Gambling911.com Reporter Thomas Somach Visits Ground Zero

Written by:
Payton
Published on:
Sep/10/2011
Thomas Somach Ground Zero

Gambling911.com reporter, Thomas Somach, also a regular contributor to the San Francisco Chronicle and National Inquirer, recently took a tour of Ground Zero in New York City to commemorate the 10th anniversary of 9/11.  On September 11, 2001, two planes were flown into the World Trade Center towers.  The two buildings would ultimately collapse.  Nearly 3000 people died in the attacks on New York City and Washington, D.C., where another plane slammed into the Pentagon.  A fourth plane crashed in a Pennsylvania field after passengers stormed the cockpit.

“It’s absolutely breathtaking,” Somach said. 

Ceremonies were to be held at the site of the Twin Towers collapse on Sunday. 

The New York ceremony begins at 8:30 a.m., with a moment of silence 16 minutes later - coinciding with the exact time when the first tower of the trade center was struck by a hijacked jet. And then, one by one, the reading of the names of the 2,977 killed on Sept. 11 - in New York, at the Pentagon and in rural Pennsylvania.

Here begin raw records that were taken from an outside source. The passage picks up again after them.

(* Suppose $|\hat\tau(u)-\tau(u)|\le\rho$ for every unit $u$, and let $\mathcal U_{\mathsf{LTK}}$ be the output of the LEA algorithm. Let $A_1=(\tau_K+2\rho,1]$, $K_1=|\{u:\tau(u)\in A_1\}|$, $K_0=K-K_1$, and $V(A_1)=\sum_{u:\tau(u)\in A_1}\tau(u)$. Then $$\frac{V_{\mathcal U_{\mathsf{LTK}}}([0,1])}{V_{\mathcal U^*}([0,1])}\ \ge\ 1-\frac{4\rho K_0}{V(A_1)+(\tau_K+2\rho)K_0}.$$
   Context: There are $M$ units with pairwise distinct treatment effects $\tau(u)\in[0,1]$ and a budget $K\in\{1,\dots,M\}$; $\tau_K$ is the $K$-th largest value of $\tau(u)$; $\mathcal U^*$ is the set of the $K$ units with the largest $\tau(u)$. For a set $S$ of units and an interval $A\subseteq[0,1]$, $V_S(A)=\sum_{u\in S,\,\tau(u)\in A}\tau(u)$. The LEA algorithm with parameters $\epsilon,\delta,\gamma>0$ sets $\rho=\gamma\sqrt\epsilon$, obtains for each unit an estimate $\hat\tau(u)$ (accurate to within $\rho$ with probability at least $1-\delta/M$), and outputs $\mathcal U_{\mathsf{LTK}}$, the $K$ units with largest $\hat\tau(u)$. *)

From mathcomp Require Import all_boot all_order all_algebra.
Set Implicit Arguments. Unset Strict Implicit. Unset Printing Implicit Defensive.
Import Order.TTheory GRing.Theory Num.Theory.
Local Open Scope ring_scope.

Definition kth_largest (R : realDomainType) (T : finType) (f : T -> R)
  (K : nat) (t : R) : Prop :=
  exists u, t = f u /\ #|[set v | t < f v]| = K.-1.

Definition topK (R : realDomainType) (T : finType) (f : T -> R)
  (K : nat) (S : {set T}) : Prop :=
  #|S| = K /\ (forall u v, u \in S -> v \notin S -> f v <= f u).

Definition V (R : realDomainType) (T : finType) (tau : T -> R)
  (S : {set T}) (A : interval R) : R :=
  \sum_(u in S | tau u \in A) tau u.

From mathcomp Require Import all_boot all_order all_algebra.
From mathcomp Require Import zify ring lra.
Set Implicit Arguments.
Unset Strict Implicit.
Unset Printing Implicit Defensive.
Import Order.TTheory GRing.Theory Num.Theory.
Local Open Scope ring_scope.

(* A unit with effect above tK + 2 rho has estimate above tK + rho.  Were it
   left out of U_LTK, the K units of U_LTK would all have estimates above
   tK + rho, hence effects above tK, whereas only K - 1 units do.  So the K1
   units of A1 lie in both U_LTK and U*.  Each of the K0 other units of U_LTK
   has an estimate at least that of some unit of U* (effect >= tK) which it
   displaced, hence effect >= tK - 2 rho; the K0 other units of U* have effects
   in [tK, tK + 2 rho].  So the ratio is at least
   (V(A1) + (tK - 2 rho) K0) / (V(A1) + (tK + 2 rho) K0). *)

Lemma ler_div_sandwich (R : realFieldType) (N L U D : R) :
  0 < D -> 0 <= L -> 0 <= U -> N <= L -> N <= U -> U <= D -> N / D <= L / U.
Proof.
move=> D_gt0 L_ge0 U_ge0 NL NU UD.
have [U0|U_neq0] := eqVneq U 0.
  by rewrite U0 invr0 mulr0 pmulr_lle0 ?invr_gt0 // -U0.
have U_gt0 : 0 < U by rewrite lt_def U_neq0 U_ge0.
rewrite ler_pdivrMr // mulrAC ler_pdivlMr //; nra.
Qed.

Section SumBounds.
Variables (R : numDomainType) (T : finType) (A : {set T}) (a : R) (F : T -> R).

Lemma ler_card_sum : (forall u, u \in A -> a <= F u) ->
  a * #|A|%:R <= \sum_(u in A) F u.
Proof. by move=> aF; rewrite mulr_natr -sumr_const; apply: ler_sum. Qed.

Lemma ler_sum_card : (forall u, u \in A -> F u <= a) ->
  \sum_(u in A) F u <= a * #|A|%:R.
Proof. by move=> Fa; rewrite mulr_natr -sumr_const; apply: ler_sum. Qed.

End SumBounds.

Lemma V_setT (R : realDomainType) (T : finType) (tau : T -> R) (A : interval R) :
  V tau [set: T] A = \sum_(u in [set u | tau u \in A]) tau u.
Proof. by apply: eq_bigl => u; rewrite !inE. Qed.

Section TopK.
Variables (R : realDomainType) (T : finType) (f : T -> R) (K : nat) (S : {set T}).
Hypothesis S_top : topK f K S.

Lemma topK_notin_card u : u \notin S -> (K <= #|[set v | (f u <= f v)%R]|)%N.
Proof.
case: S_top => <- top uS; apply: subset_leq_card.
by apply/subsetP => v vS; rewrite inE top.
Qed.

Lemma topK_mem_inj u : injective f ->
  (#|[set v | (f u < f v)%R]| < K)%N -> u \in S.
Proof.
case: S_top => <- top f_inj; apply: contraTT => uS; rewrite -leqNgt.
apply: subset_leq_card; apply/subsetP => v vS.
have vu : v != u by apply: contraNneq uS => <-.
by rewrite inE lt_neqAle (inj_eq f_inj) eq_sym vu top.
Qed.

Lemma topK_exists_le (S' : {set T}) v : #|S'| = K -> v \in S ->
  exists2 w, w \in S' & f w <= f v.
Proof.
case: S_top => cardS top cardS' vS.
have [vS'|vS'] := boolP (v \in S'); first by exists v.
have : ~~ (S' \subset S).
  apply: contraNN vS' => sub.
  suff -> : S' = S by [].
  by apply/eqP; rewrite eqEcard sub cardS cardS' leqnn.
by case/subsetPn => w wS' wS; exists w; rewrite // top.
Qed.

Lemma topK_kth_largest t : injective f -> (0 < K)%N -> kth_largest f K t ->
  S = [set v | t <= f v].
Proof.
move=> f_inj K_gt0 [u0 [-> card_gt]].
have ge_sub : [set v | f u0 <= f v] \subset S.
  apply/subsetP => u; rewrite inE => le_u; apply: topK_mem_inj => //.
  rewrite -(prednK K_gt0) ltnS -card_gt; apply: subset_leq_card.
  by apply/subsetP => v; rewrite !inE; apply: le_lt_trans.
have ge_eq : [set v | f u0 <= f v] = u0 |: [set v | f u0 < f v].
  by apply/setP => v; rewrite !inE le_eqVlt (inj_eq f_inj) eq_sym.
apply/esym/eqP; rewrite eqEcard ge_sub ge_eq cardsU1 card_gt inE ltxx.
by case: S_top => -> _ /=; lia.
Qed.

End TopK.

Section LTKValue.
Variables (R : realFieldType) (T : finType) (K : nat) (tau tauhat : T -> R).
Variables (rho tK : R) (Ustar ULTK : {set T}).
Hypotheses (tau_inj : injective tau) (tau01 : forall u, 0 <= tau u <= 1).
Hypotheses (K_gt0 : (0 < K)%N) (rho_gt0 : 0 < rho).
Hypothesis tauhat_near : forall u, `|tauhat u - tau u| <= rho.
Hypothesis tK_kth : kth_largest tau K tK.
Hypotheses (Ustar_top : topK tau K Ustar) (ULTK_top : topK tauhat K ULTK).

Let A1 := `]tK + 2 * rho, 1].
Let S1 := [set u | tau u \in A1].
Let K0 : R := K%:R - #|S1|%:R.
Let V1 := V tau [set: T] A1.

Let tauhat_bounds u : tau u - rho <= tauhat u <= tau u + rho.
Proof.
by move: (tauhat_near u); rewrite ler_norml => /andP[? ?]; apply/andP; split; lra.
Qed.

Let mem_S1 u : (u \in S1) = (tK + 2 * rho < tau u).
Proof. by rewrite inE in_itv /=; case/andP: (tau01 u) => _ ->; rewrite andbT. Qed.

Let tK_ge0 : 0 <= tK.
Proof. by case: tK_kth => u [-> _]; case/andP: (tau01 u). Qed.

Let card_above_tK : #|[set v | tK < tau v]| = K.-1.
Proof. by case: tK_kth => u [_ ->]. Qed.

Lemma mem_Ustar u : (u \in Ustar) = (tK <= tau u).
Proof. by rewrite (topK_kth_largest Ustar_top tau_inj K_gt0 tK_kth) inE. Qed.

Lemma S1_sub_Ustar : S1 \subset Ustar.
Proof. by apply/subsetP => u; rewrite mem_S1 mem_Ustar; have := rho_gt0; lra. Qed.

Lemma S1_sub_ULTK : S1 \subset ULTK.
Proof.
apply/subsetP => u; rewrite mem_S1 => u_high; apply/negPn/negP => uL.
have : (K <= #|[set v | (tK < tau v)%R]|)%N.
  apply: leq_trans (topK_notin_card ULTK_top uL) (subset_leq_card _).
  apply/subsetP => v; rewrite !inE => le_uv.
  by case/andP: (tauhat_bounds u) => ? ?; case/andP: (tauhat_bounds v) => ? ?; lra.
by rewrite card_above_tK; lia.
Qed.

Lemma ULTK_lower v : v \in ULTK -> tK - 2 * rho <= tau v.
Proof.
case: Ustar_top => cardU _ vL.
have [w wU le_wv] := topK_exists_le ULTK_top cardU vL.
move: wU; rewrite mem_Ustar => tK_w.
by case/andP: (tauhat_bounds v) => ? ?; case/andP: (tauhat_bounds w) => ? ?; lra.
Qed.

Let V01 (S : {set T}) : V tau S `[0, 1] = \sum_(u in S) tau u.
Proof. by apply: eq_bigl => u; rewrite in_itv /= tau01 andbT. Qed.

Let V_split (S : {set T}) : S1 \subset S ->
  \sum_(u in S) tau u = V1 + \sum_(u in S :\: S1) tau u.
Proof. by move=> sub; rewrite (big_setID S1) /= (setIidPr sub) /V1 V_setT. Qed.

Let K0_card (S : {set T}) : S1 \subset S -> #|S| = K -> K0 = #|S :\: S1|%:R.
Proof.
move=> sub cardS; rewrite cardsDS // cardS natrB // -cardS.
exact: subset_leq_card.
Qed.

Lemma V_ULTK_ge : V1 + (tK - 2 * rho) * K0 <= V tau ULTK `[0, 1].
Proof.
case: ULTK_top => cardL _.
rewrite V01 V_split ?S1_sub_ULTK // lerD2l (K0_card S1_sub_ULTK cardL).
by apply: ler_card_sum => u /setDP[/ULTK_lower].
Qed.

Lemma V_Ustar_ge : V1 + tK * K0 <= V tau Ustar `[0, 1].
Proof.
case: Ustar_top => cardU _.
rewrite V01 V_split ?S1_sub_Ustar // lerD2l (K0_card S1_sub_Ustar cardU).
by apply: ler_card_sum => u /setDP[]; rewrite mem_Ustar.
Qed.

Lemma V_Ustar_le : V tau Ustar `[0, 1] <= V1 + (tK + 2 * rho) * K0.
Proof.
case: Ustar_top => cardU _.
rewrite V01 V_split ?S1_sub_Ustar // lerD2l (K0_card S1_sub_Ustar cardU).
by apply: ler_sum_card => u /setDP[_]; rewrite mem_S1 -leNgt.
Qed.

Lemma V_bound_denom_gt0 : 0 < V1 + (tK + 2 * rho) * K0.
Proof.
have V1_ge : (tK + 2 * rho) * #|S1|%:R <= V1.
  by rewrite /V1 V_setT; apply: ler_card_sum => u; rewrite mem_S1 => /ltW.
have K_ge1 : 1 <= K%:R :> R by rewrite ler1n.
suff : 0 < (tK + 2 * rho) * K%:R by rewrite /K0; lra.
by apply: mulr_gt0; move: tK_ge0 rho_gt0; lra.
Qed.

Lemma LTK_value_ratio_ge :
  V tau ULTK `[0, 1] / V tau Ustar `[0, 1]
    >= 1 - (4 * rho * K0) / (V1 + (tK + 2 * rho) * K0).
Proof.
have D_gt0 := V_bound_denom_gt0.
have [cardU _] := Ustar_top.
have K0_ge0 : 0 <= K0 by rewrite (K0_card S1_sub_Ustar cardU) ler0n.
have rhoK0_ge0 : 0 <= rho * K0 := mulr_ge0 (ltW rho_gt0) K0_ge0.
have V_ge0 S : 0 <= V tau S `[0, 1].
  by rewrite V01; apply: sumr_ge0 => u _; case/andP: (tau01 u).
have -> : 1 - 4 * rho * K0 / (V1 + (tK + 2 * rho) * K0) =
          (V1 + (tK - 2 * rho) * K0) / (V1 + (tK + 2 * rho) * K0).
  by field; rewrite gt_eqF.
apply: ler_div_sandwich; rewrite ?V_ge0 ?V_ULTK_ge ?V_Ustar_le //.
by apply: le_trans V_Ustar_ge; lra.
Qed.

End LTKValue.

Theorem claim2 (R : rcfType) (M K : nat) (tau tauhat : 'I_M -> R)
  (eps delta gamma tK : R) (Ustar ULTK : {set 'I_M}) :
  injective tau ->
  (forall u, 0 <= tau u <= 1) ->
  (0 < K)%N -> (K <= M)%N ->
  0 < eps -> 0 < delta -> 0 < gamma ->
  let rho := gamma * Num.sqrt eps in
  (forall u, `|tauhat u - tau u| <= rho) ->
  kth_largest tau K tK ->
  topK tau K Ustar ->
  topK tauhat K ULTK ->
  let A1 := `]tK + 2 * rho, 1] in
  let K1 := #|[set u | tau u \in A1]| in
  let K0 := K%:R - K1%:R in
  V tau ULTK `[0, 1] / V tau Ustar `[0, 1]
    >= 1 - (4 * rho * K0) / (V tau [set: 'I_M] A1 + (tK + 2 * rho) * K0).
Proof.
move=> tau_inj tau01 K_gt0 _ eps_gt0 _ gamma_gt0 rho tauhat_near tK_kth.
move=> Ustar_top ULTK_top.
have rho_gt0 : 0 < rho by rewrite mulr_gt0 ?sqrtr_gt0.
exact: LTK_value_ratio_ge.
Qed.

Chris Costigan, Publisher of the Gambling911.com website, had flown into Newark Liberty Airport the evening before 9/11, electing to remain in New Jersey overnight instead of returning to his home in Manhattan.

“I knew a few people who worked in the World Trade Center towers at the time of the terrorist attacks,” he said.  “One of the girls I worked with was 10 stories down from where the first plane hit working for the Port Authority.  She thought there was an earthquake and had no idea what was going on until she finally exited the building, walking down some 70 flights of stairs.

“Another girl I know arrived late to work just as the second plane hit right on her floor.  She witnessed this and was devastated and has never returned back to the city, opting to move to Philadelphia immediately following the attacks.  The supervisor for her company that morning ignored an intercom message advising workers to remain in their offices.  Instead he rushed everyone out from his company out of the building.  Everyone who worked for her company got out alive.  Thankfully everyone I knew who worked in the towers got out as well.

“The sad thing is we would always meet people who had lost loved one’s.  I met a girl who worked at one of my favorite restaurants who lost her fiancé in the attacks.  The fire station up the street from one of my favorite sports bars suffered some of the greatest losses as they were among the first on the scene.”